"Konwój wstydu" wjechał na plac Wolności podczas Dni Autyzmu
"Konwój wstydu", czyli kampania PO przeciwko wysokim premiom wypłaconym ministrom rządu Beaty Szydło, wjechała na plac Wolności w Koninie podczas obchodów Dni Autyzmu.
Na placu miała się bowiem odbyć konferencja konińskich działaczy PO zapowiadająca mobliną akcję wymierzoną w PiS. Pojazd z banerem pojawił się w tych okolicach już wcześniej. Przybył do Konina po objeździe Kłodawy i Koła.
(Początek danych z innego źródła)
Lemma mu_rec_bmin k N P :
  mu_rec k N -> mu_rec (S k) (fun ys => P (nth 0 ys 0) (tl ys)) ->
  mu_rec k (fun xs => bmin (N xs) (fun j => P j xs)).
Proof.
  intros HN HP.
  assert (H : mu_rec (S k) (fun ys => bmin (nth 0 ys 0) (fun j => P j (tl ys)))).
  { apply (mu_rec_prim k (fun _ => 0)
      (fun ys => ite (eqn (nth 1 ys 0) (nth 0 ys 0))
                     (ite (P (nth 0 ys 0) (tl (tl ys))) (nth 0 ys 0) (S (nth 0 ys 0)))
                     (nth 1 ys 0))); [apply mu_rec_zero| |reflexivity|reflexivity].
    apply (mu_rec_comp3 _ ite); [apply mu_rec_ite| | |apply mu_rec_proj; lia].
    - apply (mu_rec_comp2 _ eqn); [apply mu_rec_eqn|apply mu_rec_proj; lia..].
    - apply (mu_rec_comp3 _ ite); [apply mu_rec_ite|exact (mu_rec_drop1 k _ HP)| |].
      + apply mu_rec_proj; lia.
      + apply mu_rec_succ, mu_rec_proj; lia. }
  exact (mu_rec_cons_arg k _ N H HN).
Qed.

Lemma mu_rec_bex k N P :
  mu_rec k N -> mu_rec (S k) (fun ys => P (nth 0 ys 0) (tl ys)) ->
  mu_rec k (fun xs => bex (N xs) (fun j => P j xs)).
Proof.
  intros HN HP; apply (mu_rec_comp2 _ ltn); [apply mu_rec_ltn|now apply mu_rec_bmin|auto].
Qed.

Lemma mu_rec_ball k N P :
  mu_rec k N -> mu_rec (S k) (fun ys => P (nth 0 ys 0) (tl ys)) ->
  mu_rec k (fun xs => ball (N xs) (fun j => P j xs)).
Proof.
  intros HN HP; apply (mu_rec_comp2 _ eqn); [apply mu_rec_eqn| |auto].
  apply (mu_rec_bmin k N (fun j xs => notn (P j xs))); auto.
  apply (mu_rec_comp1 _ notn); auto using mu_rec_notn.
Qed.

Create HintDb mu_rec.
#[export] Hint Resolve mu_rec_pred mu_rec_add mu_rec_mul mu_rec_sub mu_rec_ite mu_rec_eqn
  mu_rec_ltn mu_rec_notn : mu_rec.

(* Decomposes [e] in [mu_rec k (fun xs => e)] along its syntax; each head function
   needs its [mu_rec] fact in the hint database. *)
Ltac mu_rec_auto := repeat (match goal with
 | |- mu_rec _ (fun _ => ?c) => apply mu_rec_const
 | |- mu_rec _ (fun xs => nth ?i xs 0) => apply mu_rec_proj; lia
 | |- mu_rec _ (fun xs => nth ?i (tl xs) 0) => apply mu_rec_proj_tl; lia
 | |- mu_rec _ (fun xs => nth ?i (tl (tl xs)) 0) => apply mu_rec_proj_tl2; lia
 | |- mu_rec _ (fun xs => S (@?G xs)) => apply (mu_rec_succ _ G)
 | |- mu_rec _ (fun xs => bmin (@?N xs) (fun j => @?P j xs)) => apply (mu_rec_bmin _ N P)
 | |- mu_rec _ (fun xs => bex (@?N xs) (fun j => @?P j xs)) => apply (mu_rec_bex _ N P)
 | |- mu_rec _ (fun xs => ball (@?N xs) (fun j => @?P j xs)) => apply (mu_rec_ball _ N P)
 | |- mu_rec _ (fun xs => ?F (@?G1 xs) (@?G2 xs) (@?G3 xs) (@?G4 xs) (@?G5 xs) (@?G6 xs)) =>
     apply (mu_rec_comp6 _ F); [solve [eauto with mu_rec] | .. ]
 | |- mu_rec _ (fun xs => ?F (@?G1 xs) (@?G2 xs) (@?G3 xs) (@?G4 xs) (@?G5 xs)) =>
     apply (mu_rec_comp5 _ F); [solve [eauto with mu_rec] | .. ]
 | |- mu_rec _ (fun xs => ?F (@?G1 xs) (@?G2 xs) (@?G3 xs) (@?G4 xs)) =>
     apply (mu_rec_comp4 _ F); [solve [eauto with mu_rec] | .. ]
 | |- mu_rec _ (fun xs => ?F (@?G1 xs) (@?G2 xs) (@?G3 xs)) =>
     apply (mu_rec_comp3 _ F); [solve [eauto with mu_rec] | .. ]
 | |- mu_rec _ (fun xs => ?F (@?G1 xs) (@?G2 xs)) =>
     apply (mu_rec_comp2 _ F); [solve [eauto with mu_rec] | .. ]
 | |- mu_rec _ (fun xs => ?F (@?G1 xs)) =>
     apply (mu_rec_comp1 _ F); [solve [eauto with mu_rec] | .. ]
 end; cbv beta).

Lemma mu_rec_andn : mu_rec 2 (fun ys => andn (nth 0 ys 0) (nth 1 ys 0)).
Proof. unfold andn; mu_rec_auto. Qed.

Lemma mu_rec_orn : mu_rec 2 (fun ys => orn (nth 0 ys 0) (nth 1 ys 0)).
Proof. unfold orn; mu_rec_auto. Qed.

#[export] Hint Resolve mu_rec_andn mu_rec_orn : mu_rec.

(** * Codes of pairs and lists *)

Definition tri (n : nat) : nat := nat_rec (fun _ => nat) 0 (fun i m => S i + m) n.

(* Convertible to [Cantor.to_nat (x, y)], but built from functions known to be [mu_rec]. *)
Definition cpair (x y : nat) : nat := y + tri (y + x).

Lemma cpair_to_nat x y : cpair x y = Cantor.to_nat (x, y).
Proof. reflexivity. Qed.

Lemma cpair_inj x y x' y' : cpair x y = cpair x' y' -> x = x' /\ y = y'.
Proof. rewrite !cpair_to_nat; intros H; apply to_nat_inj in H; now injection H. Qed.

Lemma cpair_ge x y : x <= cpair x y /\ y <= cpair x y.
Proof. rewrite cpair_to_nat; pose proof (to_nat_non_decreasing x y); lia. Qed.

Lemma cpair_surj c : exists x y, cpair x y = c.
Proof.
  destruct (Cantor.of_nat c) as [x y] eqn:Hc; exists x, y.
  now rewrite cpair_to_nat, <- Hc, cancel_to_of.
Qed.

Lemma mu_rec_tri : mu_rec 1 (fun ys => tri (nth 0 ys 0)).
Proof.
  apply (mu_rec_prim 0 (fun _ => 0) (fun ys => S (nth 0 ys 0) + nth 1 ys 0));
    [apply mu_rec_zero|mu_rec_auto|reflexivity|reflexivity].
Qed.
#[export] Hint Resolve mu_rec_tri : mu_rec.

Lemma mu_rec_cpair : mu_rec 2 (fun ys => cpair (nth 0 ys 0) (nth 1 ys 0)).
Proof. unfold cpair; mu_rec_auto. Qed.
#[export] Hint Resolve mu_rec_cpair : mu_rec.

Definition cfst (c : nat) : nat := bmin (S c) (fun x => bex (S c) (fun y => eqn (cpair x y) c)).
Definition csnd (c : nat) : nat := bmin (S c) (fun y => eqn (cpair (cfst c) y) c).

Lemma mu_rec_cfst : mu_rec 1 (fun ys => cfst (nth 0 ys 0)).
Proof. unfold cfst; mu_rec_auto. Qed.
#[export] Hint Resolve mu_rec_cfst : mu_rec.

Lemma mu_rec_csnd : mu_rec 1 (fun ys => csnd (nth 0 ys 0)).
Proof. unfold csnd; mu_rec_auto. Qed.
#[export] Hint Resolve mu_rec_csnd : mu_rec.

Lemma bmin_eq n P x : x < n -> P x <> 0 -> (forall m, P m <> 0 -> x <= m) -> bmin n P = x.
Proof.
  intros Hx HP Hleast; pose proof (bmin_least n P x Hx HP).
  enough (x <= bmin n P) by lia; apply Hleast, bmin_found; lia.
Qed.

Lemma cfst_cpair x y : cfst (cpair x y) = x.
Proof.
  pose proof (cpair_ge x y); apply bmin_eq; [lia|..].
  - apply bex_spec; exists y; split; [lia|]; now apply eqn_spec.
  - intros m (y' & _ & Hy')%bex_spec; apply eqn_spec, cpair_inj in Hy'; lia.
Qed.

Lemma csnd_cpair x y : csnd (cpair x y) = y.
Proof.
  unfold csnd; rewrite cfst_cpair; pose proof (cpair_ge x y); apply bmin_eq; [lia|..].
  - now apply eqn_spec.
  - intros m Hm%eqn_spec; apply cpair_inj in Hm; lia.
Qed.

Lemma cpair_cfst_csnd c : cpair (cfst c) (csnd c) = c.
Proof. destruct (cpair_surj c) as (x & y & <-); now rewrite cfst_cpair, csnd_cpair. Qed.

Lemma cfst_le c : cfst c <= c.
Proof. rewrite <- (cpair_cfst_csnd c) at 2; apply cpair_ge. Qed.

Lemma csnd_le c : csnd c <= c.
Proof. rewrite <- (cpair_cfst_csnd c) at 2; apply cpair_ge. Qed.

(** Codes of lists: [0] codes [[]] and [S (cpair x c)] codes [x :: l] when [c] codes [l]. *)
Definition ccons (x c : nat) : nat := S (cpair x c).
Definition chd (c : nat) : nat := cfst (pred c).
Definition ctl (c : nat) : nat := csnd (pred c).
Fixpoint cdrop (n c : nat) : nat := match n with 0 => c | S n => ctl (cdrop n c) end.
Definition cnth (c i : nat) : nat := chd (cdrop i c).
Definition clen (c : nat) : nat := bmin (S c) (fun n => eqn (cdrop n c) 0).

Fixpoint code_list (l : list nat) : nat :=
  match l with [] => 0 | x :: l => ccons x (code_list l) end.

Lemma mu_rec_ccons : mu_rec 2 (fun ys => ccons (nth 0 ys 0) (nth 1 ys 0)).
Proof. unfold ccons; mu_rec_auto. Qed.

Lemma mu_rec_chd : mu_rec 1 (fun ys => chd (nth 0 ys 0)).
Proof. unfold chd; mu_rec_auto. Qed.

Lemma mu_rec_ctl : mu_rec 1 (fun ys => ctl (nth 0 ys 0)).
Proof. unfold ctl; mu_rec_auto. Qed.
#[export] Hint Resolve mu_rec_ccons mu_rec_chd mu_rec_ctl : mu_rec.

Lemma mu_rec_cdrop : mu_rec 2 (fun ys => cdrop (nth 0 ys 0) (nth 1 ys 0)).
Proof.
  apply (mu_rec_prim 1 (fun ys => nth 0 ys 0) (fun ys => ctl (nth 1 ys 0)));
    [mu_rec_auto|mu_rec_auto|reflexivity|reflexivity].
Qed.
#[export] Hint Resolve mu_rec_cdrop : mu_rec.

Lemma mu_rec_cnth : mu_rec 2 (fun ys => cnth (nth 0 ys 0) (nth 1 ys 0)).
Proof. unfold cnth; mu_rec_auto. Qed.

Lemma mu_rec_clen : mu_rec 1 (fun ys => clen (nth 0 ys 0)).
Proof. unfold clen; mu_rec_auto. Qed.
#[export] Hint Resolve mu_rec_cnth mu_rec_clen : mu_rec.

Lemma chd_ccons x c : chd (ccons x c) = x.
Proof. apply cfst_cpair. Qed.

Lemma ctl_ccons x c : ctl (ccons x c) = c.
Proof. apply csnd_cpair. Qed.

Lemma ctl_0 : ctl 0 = 0.
Proof. pose proof (csnd_le 0); unfold ctl; simpl; lia. Qed.

Lemma ctl_code_list l : ctl (code_list l) = code_list (tl l).
Proof. destruct l; [apply ctl_0|apply ctl_ccons]. Qed.

Lemma cdrop_S n c : cdrop (S n) c = cdrop n (ctl c).
Proof.
  induction n as [|n IH]; [reflexivity|].
  change (ctl (cdrop (S n) c) = ctl (cdrop n (ctl c))); now rewrite IH.
Qed.

Lemma cdrop_code_list n l : cdrop n (code_list l) = code_list (skipn n l).
Proof.
  revert l; induction n as [|n IH]; intros l; auto.
  rewrite cdrop_S, ctl_code_list, IH; destruct l; simpl; [now rewrite skipn_nil|reflexivity].
Qed.

Lemma chd_code_list l : chd (code_list l) = hd 0 l.
Proof. destruct l; [pose proof (cfst_le 0); unfold chd; simpl; lia|apply chd_ccons]. Qed.

Lemma cnth_code_list l i : cnth (code_list l) i = nth i l 0.
Proof.
  unfold cnth; rewrite cdrop_code_list, chd_code_list.
  revert l; induction i; intros [|x l]; simpl; auto.
Qed.

Lemma clen_code_list l : clen (code_list l) = length l.
Proof.
  assert (Hlen : length l <= code_list l).
  { induction l as [|x l IH]; simpl; auto; pose proof (cpair_ge x (code_list l)); unfold ccons; lia. }
  apply bmin_eq; [lia|..].
  - apply eqn_spec; now rewrite cdrop_code_list, skipn_all.
  - intros m Hm%eqn_spec; rewrite cdrop_code_list in Hm.
    destruct (skipn m l) eqn:Hs; [|discriminate].
    apply (f_equal (@length nat)) in Hs; rewrite length_skipn in Hs; simpl in Hs; lia.
Qed.

Lemma code_list_surj c : exists l, code_list l = c.
Proof.
  induction c as [[|c] IH] using (well_founded_induction lt_wf); [now exists []|].
  destruct (IH (csnd c)) as [l Hl]; [pose proof (csnd_le c); lia|].
  exists (cfst c :: l); simpl; now rewrite Hl; unfold ccons; rewrite cpair_cfst_csnd.
Qed.

(** * Halting certificates *)

Fixpoint code_prog (p : prog) : nat :=
  match p with
  | PZero => cpair 0 0
  | PSucc => cpair 1 0
  | PProj i => cpair 2 i
  | PComp f gs => cpair 3 (cpair (code_prog f) (code_list (map code_prog gs)))
  | PPrim f g => cpair 4 (cpair (code_prog f) (code_prog g))
  | PMu f => cpair 5 (code_prog f)
  end.

(** A fact [cfact pc xc y] claims that the program coded by [pc] maps the
    arguments coded by [xc] to [y]. *)
Definition cfact (pc xc y : nat) : nat := cpair pc (cpair xc y).
Definition code_fact (p : prog) (xs : list nat) (y : nat) : nat :=
  cfact (code_prog p) (code_list xs) y.
Definition fact_prog (t : nat) : nat := cfst t.
Definition fact_args (t : nat) : nat := cfst (csnd t).
Definition fact_val (t : nat) : nat := csnd (csnd t).

Lemma fact_prog_cfact pc xc y : fact_prog (cfact pc xc y) = pc.
Proof. apply cfst_cpair. Qed.

Lemma fact_args_cfact pc xc y : fact_args (cfact pc xc y) = xc.
Proof. unfold fact_args, cfact; now rewrite csnd_cpair, cfst_cpair. Qed.

Lemma fact_val_cfact pc xc y : fact_val (cfact pc xc y) = y.
Proof. unfold fact_val, cfact; now rewrite !csnd_cpair. Qed.

(** [justified Ear pc xc y]: the fact [cfact pc xc y] follows by one rule of
    [eval] from facts satisfying [Ear]. *)
Definition justified (Ear : nat -> Prop) (pc xc y : nat) : Prop :=
  match cfst pc with
  | 0 => y = 0
  | 1 => xc <> 0 /\ y = S (chd xc)
  | 2 => csnd pc < clen xc /\ y = cnth xc (csnd pc)
  | 3 => exists u, Ear u /\ fact_prog u = cfst (csnd pc) /\ fact_val u = y /\
           clen (fact_args u) = clen (csnd (csnd pc)) /\
           forall m, m < clen (csnd (csnd pc)) ->
             Ear (cfact (cnth (csnd (csnd pc)) m) xc (cnth (fact_args u) m))
  | 4 => xc <> 0 /\
         ((chd xc = 0 /\ Ear (cfact (cfst (csnd pc)) (ctl xc) y)) \/
          (chd xc <> 0 /\ exists u, Ear u /\ fact_prog u = pc /\
             fact_args u = ccons (pred (chd xc)) (ctl xc) /\
             Ear (cfact (csnd (csnd pc)) (ccons (pred (chd xc)) (ccons (fact_val u) (ctl xc))) y)))
  | 5 => Ear (cfact (csnd pc) (ccons y xc) 0) /\
         forall m, m < y -> exists u, Ear u /\ fact_prog u = csnd pc /\
                                     fact_args u = ccons m xc /\ fact_val u <> 0
  | _ => False
  end.

Lemma justified_mono (E1 E2 : nat -> Prop) pc xc y :
  (forall u, E1 u -> E2 u) -> justified E1 pc xc y -> justified E2 pc xc y.
Proof.
  intros H; unfold justified; destruct (cfst pc) as [|[|[|[|[|[|]]]]]]; auto.
  - intros (u & Hu & Hrest); exists u; intuition.
  - intros [Hx [[H0 Hu]|(H0 & u & Hu & Hrest)]]; split; auto.
    right; split; auto; exists u; intuition.
  - intros [Hu Hlt]; split; auto; intros m Hm; destruct (Hlt m Hm) as (u & ? & ?); eauto.
Qed.

Definition in_prefix (C i u : nat) : Prop := exists j, j < i /\ cnth C j = u.

Definition bex_prefix (C i : nat) (Q : nat -> nat) : nat := bex i (fun j => Q (cnth C j)).
Definition earlier (C i t : nat) : nat := bex_prefix C i (fun u => eqn u t).

Lemma bex_prefix_spec C i Q : bex_prefix C i Q <> 0 <-> exists u, in_prefix C i u /\ Q u <> 0.
Proof.
  unfold bex_prefix; rewrite bex_spec; split.
  - intros (j & Hj & HQ); exists (cnth C j); split; auto; now exists j.
  - intros (u & (j & Hj & <-) & HQ); eauto.
Qed.

Lemma earlier_spec C i t : earlier C i t <> 0 <-> in_prefix C i t.
Proof.
  unfold earlier; rewrite bex_prefix_spec; split.
  - intros (u & Hu & ->%eqn_spec); auto.
  - intros Ht; exists t; split; auto; now apply eqn_spec.
Qed.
Choć konferencję PO przeniesiono w ostatniej chwili na parking przy ul. Grunwaldzkiej, ruchomy baner kilka razy zdążył okrążyć, a nawet zatrzymał się przy placu, tworząc tło dla uczestników odbywającej się tam imprezy z okazji Dni Autyzmu.
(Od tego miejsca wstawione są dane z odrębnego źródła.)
(* Let $g:\mathbb{R}^d\to\mathbb{R}$ be $p$ times differentiable ($p\ge1$) with $\nabla^pg$ being $L_p$-Lipschitz, and let $L\ge0$. Define $\mathcal T(x)$ to be a minimizer (assumed to exist) of $y\mapsto g_p(y;x)+\frac{L_p+L}{p!}\|y-x\|^{p+1}$, where $g_p(y;x)$ is the $p$-th order Taylor approximation of $g$ about $x$ evaluated at $y$. Then $\mathcal T$ is a $\big((1+p)^{-1}(1+L/L_p)^{-1},\,0\big)$-approximate $\omega$-proximal step oracle for $g$ with $\omega(s)=\frac{(L_p+L)(p+1)}{p!}s^{p-1}$.
   Context: An $(\alpha,\delta)$-approximate $\omega$-proximal step oracle for $g$ is a procedure that, queried at any $x\in\mathbb{R}^d$, returns some $y$ with $\|\nabla g(y)+\omega(\|y-x\|)(y-x)\|\le\alpha\,\omega(\|y-x\|)\|y-x\|+\delta$. *)

From Stdlib Require Import Reals.
From mathcomp Require Import ssreflect ssrfun ssrbool eqtype ssrnat seq fintype bigop.
Set Implicit Arguments. Unset Strict Implicit.
Open Scope R_scope.

Definition vec (d : nat) := 'I_d -> R.
Definition vadd {d} (u v : vec d) : vec d := fun i => u i + v i.
Definition vsub {d} (u v : vec d) : vec d := fun i => u i - v i.
Definition vscale {d} (a : R) (u : vec d) : vec d := fun i => a * u i.
Definition dot {d} (u v : vec d) : R := \big[Rplus/0]_(i < d) (u i * v i).
Definition vnorm {d} (u : vec d) : R := sqrt (dot u u).
Definition basis {d} (i : 'I_d) : vec d := fun j => if j == i then 1 else 0.

(** k-linear forms on R^d are represented as functions of a list of k vectors. *)
Definition multilinear {d} (k : nat) (T : seq (vec d) -> R) : Prop :=
  forall (us vs : seq (vec d)) (a b : R) (u v : vec d),
    (size us + size vs + 1 = k)%N ->
    T (us ++ vadd (vscale a u) (vscale b v) :: vs)
    = a * T (us ++ u :: vs) + b * T (us ++ v :: vs).

Definition unit_list {d} (us : seq (vec d)) : Prop :=
  List.Forall (fun u => vnorm u <= 1) us.

(** [derivs_of g p D]: g is p times (Frechet) differentiable and D k x is the
    k-th derivative D^k g(x), a k-linear form; D (k+1) is the Frechet
    derivative of x |-> D k x in operator norm:
    D^k g(x+h)[us] = D^k g(x)[us] + D^{k+1} g(x)[us, h] + o(|h|) uniformly
    for us in the unit ball. *)
Definition derivs_of {d} (g : vec d -> R) (p : nat)
    (D : nat -> vec d -> seq (vec d) -> R) : Prop :=
  (forall x, D 0%N x [::] = g x) /\
  (forall k x, (k <= p)%N -> multilinear k (D k x)) /\
  (forall k x, (k < p)%N -> forall eps, 0 < eps -> exists delta, 0 < delta /\
     forall h : vec d, vnorm h < delta ->
     forall us, size us = k -> unit_list us ->
       Rabs (D k (vadd x h) us - D k x us - D k.+1 x (rcons us h))
         <= eps * vnorm h).

Definition top_deriv_lipschitz {d} (D : nat -> vec d -> seq (vec d) -> R)
    (p : nat) (Lp : R) : Prop :=
  forall x y us, size us = p -> unit_list us ->
    Rabs (D p x us - D p y us) <= Lp * vnorm (vsub x y).

Definition grad {d} (D : nat -> vec d -> seq (vec d) -> R) (y : vec d) : vec d :=
  fun i => D 1%N y [:: basis i].

Definition taylor {d} (D : nat -> vec d -> seq (vec d) -> R) (p : nat)
    (x y : vec d) : R :=
  \big[Rplus/0]_(k < p.+1) (D k x (nseq k (vsub y x)) / INR (k`!)).

Definition reg_model {d} (D : nat -> vec d -> seq (vec d) -> R) (p : nat)
    (Lp L : R) (x y : vec d) : R :=
  taylor D p x y + (Lp + L) / INR (p`!) * vnorm (vsub y x) ^ (p.+1).

Definition approx_prox_oracle {d} (gradg : vec d -> vec d) (omega : R -> R)
    (alpha delta : R) (O : vec d -> vec d) : Prop :=
  forall x : vec d,
    vnorm (vadd (gradg (O x)) (vscale (omega (vnorm (vsub (O x) x))) (vsub (O x) x)))
      <= alpha * omega (vnorm (vsub (O x) x)) * vnorm (vsub (O x) x) + delta.

Definition omega_p (Lp L : R) (p : nat) (s : R) : R :=
  (Lp + L) * INR (p.+1) / INR (p`!) * s ^ (p - 1)%N.

(* Let y = T x minimize the regularized Taylor model
   m_x(z) = g_p(z; x) + c |z - x|^(p+1), c = (Lp + L)/p!, and put h = y - x,
   r = |h|, omega(r) = c (p+1) r^(p-1).  The proof has two halves.

   1. Taylor remainder estimate (taylor_remainder_diff): for R_x = g - g_p(.; x),
      |R_x(z) - R_x(y)| <= Lp |z - y| M^p / p!  when |y - x|, |z - x| <= M.
      It follows from the one-variable Taylor theorem (taylor1d) applied to the
      difference of the derivatives of g along the rays x + s (z - x) and
      x + s (y - x), whose top-order part is Lipschitz by the hypothesis on D^p g.
   2. First-order condition (first_order_condition): comparing m_x(y) with
      m_x(y + t u) for t > 0 and using 1., a function Psi of t with Psi'(0) equal
      to Dg(y)[u] + omega(r) <h, u> + Lp r^p/p! |u| is minimal at t = 0 on
      [0, +oo), hence this quantity is nonnegative.
   Taking u = -(grad g(y) + omega(r) h) gives |grad g(y) + omega(r) h| <= Lp r^p/p!,
   which is alpha omega(r) r for alpha = 1/((1+p)(1+L/Lp)) (oracle_slack). *)

From Stdlib Require Import Reals Lra FunctionalExtensionality.
From HB Require Import structures.
From mathcomp Require Import ssreflect ssrfun ssrbool eqtype ssrnat seq fintype bigop.
Open Scope R_scope.
Set Implicit Arguments. Unset Strict Implicit.

HB.instance Definition _ := Monoid.isComLaw.Build R 0 Rplus
  (fun a b c => esym (Rplus_assoc a b c)) Rplus_comm Rplus_0_l.
HB.instance Definition _ := Monoid.isMulLaw.Build R 0 Rmult Rmult_0_l Rmult_0_r.
HB.instance Definition _ := Monoid.isAddLaw.Build R Rmult Rplus
  Rmult_plus_distr_r Rmult_plus_distr_l.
- Momentalnie, jak tylko otrzymaliśmy kontakt, bo przez Warszawę musieliśmy się kontaktować z samochodem, który ciągnie ten billbord, skierowaliśmy w inne miejsce. Nie było naszym zamiarem, ani celem, a wręcz przeciwnie. Jak tylko otrzymaliśmy informację, że tam jest dziecięca impreza, od razu podjęliśmy działania, które miały uniemożliwić odbycie konferencji w tamtym miejscu, na tle dzieci – tłumaczył poseł Tomasz Nowak.
- Zapewniam, że jest nam przykro, że tak się stało, nie było to zamierzone – przeprosił raz jeszcze Henryk Drzewiecki, wiceprzewodniczący PO w Koninie.
Niesmak jednak pozostał. Głośno zapowiadana od rana ogólnopolska akcja PO, w Koninie okazała się rzeczywiście „konwojem wstydu”.